In two studies recently published in Physical Review Research, researchers from the Institute of Industrial Science at the University of Tokyo demonstrated that complex nonlinear chemical reaction processes could be described by transforming the problem into a dual geometric representation. “With our structure, we can extend the theories of non-equilibrium systems with quadratic dissipation functions to more general cases, which are important for studying chemical reaction networks,” says first author Tetsuya J. Kobayashi.
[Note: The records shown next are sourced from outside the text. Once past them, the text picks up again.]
(* Let $I=[s,t]\subseteq\mathbb R/\mathbb Z$ be a generalized dyadic interval. Then: (1) there is a decomposition $I=[s,x]\cup[x,t]$ into two generalized dyadic intervals with $x$ red; (2) if at least one of $s,t$ is red, there is a decomposition $I=[s,x]\cup[x,t]$ into two generalized dyadic intervals with $x$ blue.
   Context: Let $\sigma_2(t)=2t$ on $\mathbb R/\mathbb Z$. An interval $I=[s,t]\subseteq\mathbb R/\mathbb Z$ is generalized dyadic if there is an integer $m\ge0$ such that $\sigma_2^m$ maps the open interval $(s,t)$ homeomorphically onto one of $(0,1)$, $(0,\frac23)$, $(\frac13,\frac23)$, $(\frac13,1)$. A point of $\mathbb R/\mathbb Z$ is colored red if some iterate of $\sigma_2$ maps it to $0$, and blue if some iterate maps it into the $2$-cycle $\{\frac13,\frac23\}$; endpoints of generalized dyadic intervals are red or blue. *)

From Stdlib Require Import Reals.
Open Scope R_scope.

(* R/Z is modelled by the set of representatives [0,1);
   circ x is the class of the real x (x - floor x). *)
Definition circ (x : R) : R := x - IZR (Int_part x).

Definition sigma2 (p : R) : R := circ (2 * p).

(* An interval [s,t] of R/Z is given by real lifts s < t <= s + 1;
   its endpoints are circ s, circ t and its interior is the open arc
   oarc s t = image in R/Z of the real open interval (s,t). *)
Definition is_interval (s t : R) : Prop := s < t <= s + 1.

Definition oarc (s t : R) (p : R) : Prop :=
  exists y : R, s < y < t /\ p = circ y.

(* sigma_2^m maps the open arc (s,t) homeomorphically (for this
   continuous map, bijectively) onto the open arc (a,b). *)
Definition maps_onto (m : nat) (s t a b : R) : Prop :=
  (forall p q, oarc s t p -> oarc s t q ->
     Nat.iter m sigma2 p = Nat.iter m sigma2 q -> p = q) /\
  (forall r, oarc a b r <-> exists p, oarc s t p /\ Nat.iter m sigma2 p = r).

Definition gen_dyadic (s t : R) : Prop :=
  is_interval s t /\
  exists m : nat,
    maps_onto m s t 0 1 \/ maps_onto m s t 0 (2/3) \/
    maps_onto m s t (1/3) (2/3) \/ maps_onto m s t (1/3) 1.

Definition red (x : R) : Prop :=
  exists n : nat, Nat.iter n sigma2 (circ x) = 0.

Definition blue (x : R) : Prop :=
  exists n : nat, Nat.iter n sigma2 (circ x) = 1/3 \/
                  Nat.iter n sigma2 (circ x) = 2/3.

(* A generalized dyadic interval [s,t] is one that an affine map
   y |-> 2^m y - k carries onto one of the basic arcs [0,1], [0,2/3],
   [1/3,2/3], [1/3,1]: injectivity of sigma_2^m forces 2^m (t - s) <= 1,
   and an arc of length at most 1 determines its endpoints modulo 1.
   Every basic arc splits at 1/2 into two generalized dyadic pieces, and
   every basic arc except [1/3,2/3] also splits at 1/3 or 2/3; pulling
   these points back gives a red and a blue splitting point.  The arc
   [1/3,2/3] does not occur in (2) because its endpoints pull back to
   points that are not red: red points are the dyadic rationals, and
   2^n (r/3 + k) is never an integer for r = 1, 2. *)
From Stdlib Require Import Reals Lra Lia ZArith Znumtheory.
Open Scope R_scope.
In physics, duality is a central concept. Some physical entities are easier to interpret when they are transformed into a different but mathematically equivalent representation. For example, a wave in time space can be transformed into its representation in frequency space, which is its dual form. When dealing with chemical processes, thermodynamic force and flow are nonlinearly related dual representations—their product leads to the rate at which energy is lost to dissipation—in a duality-induced geometric space, scientists have been able to show how the relationships can thermodynamics. to be generalized even in non-equilibrium cases.

“Most previous studies of chemical reaction networks have been based on assumptions about the kinetics of the system. We have shown how these can be treated more generally in the non-equilibrium case by using duality and the associated geometry,” says last author Yuki Sughiyama. Having a more universal understanding of thermodynamic systems and extending the applicability of non-equilibrium thermodynamics to more disciplines can provide a better vantage point for the analysis or design of complex reaction networks, such as those used in living organisms or industrial manufacturing processes.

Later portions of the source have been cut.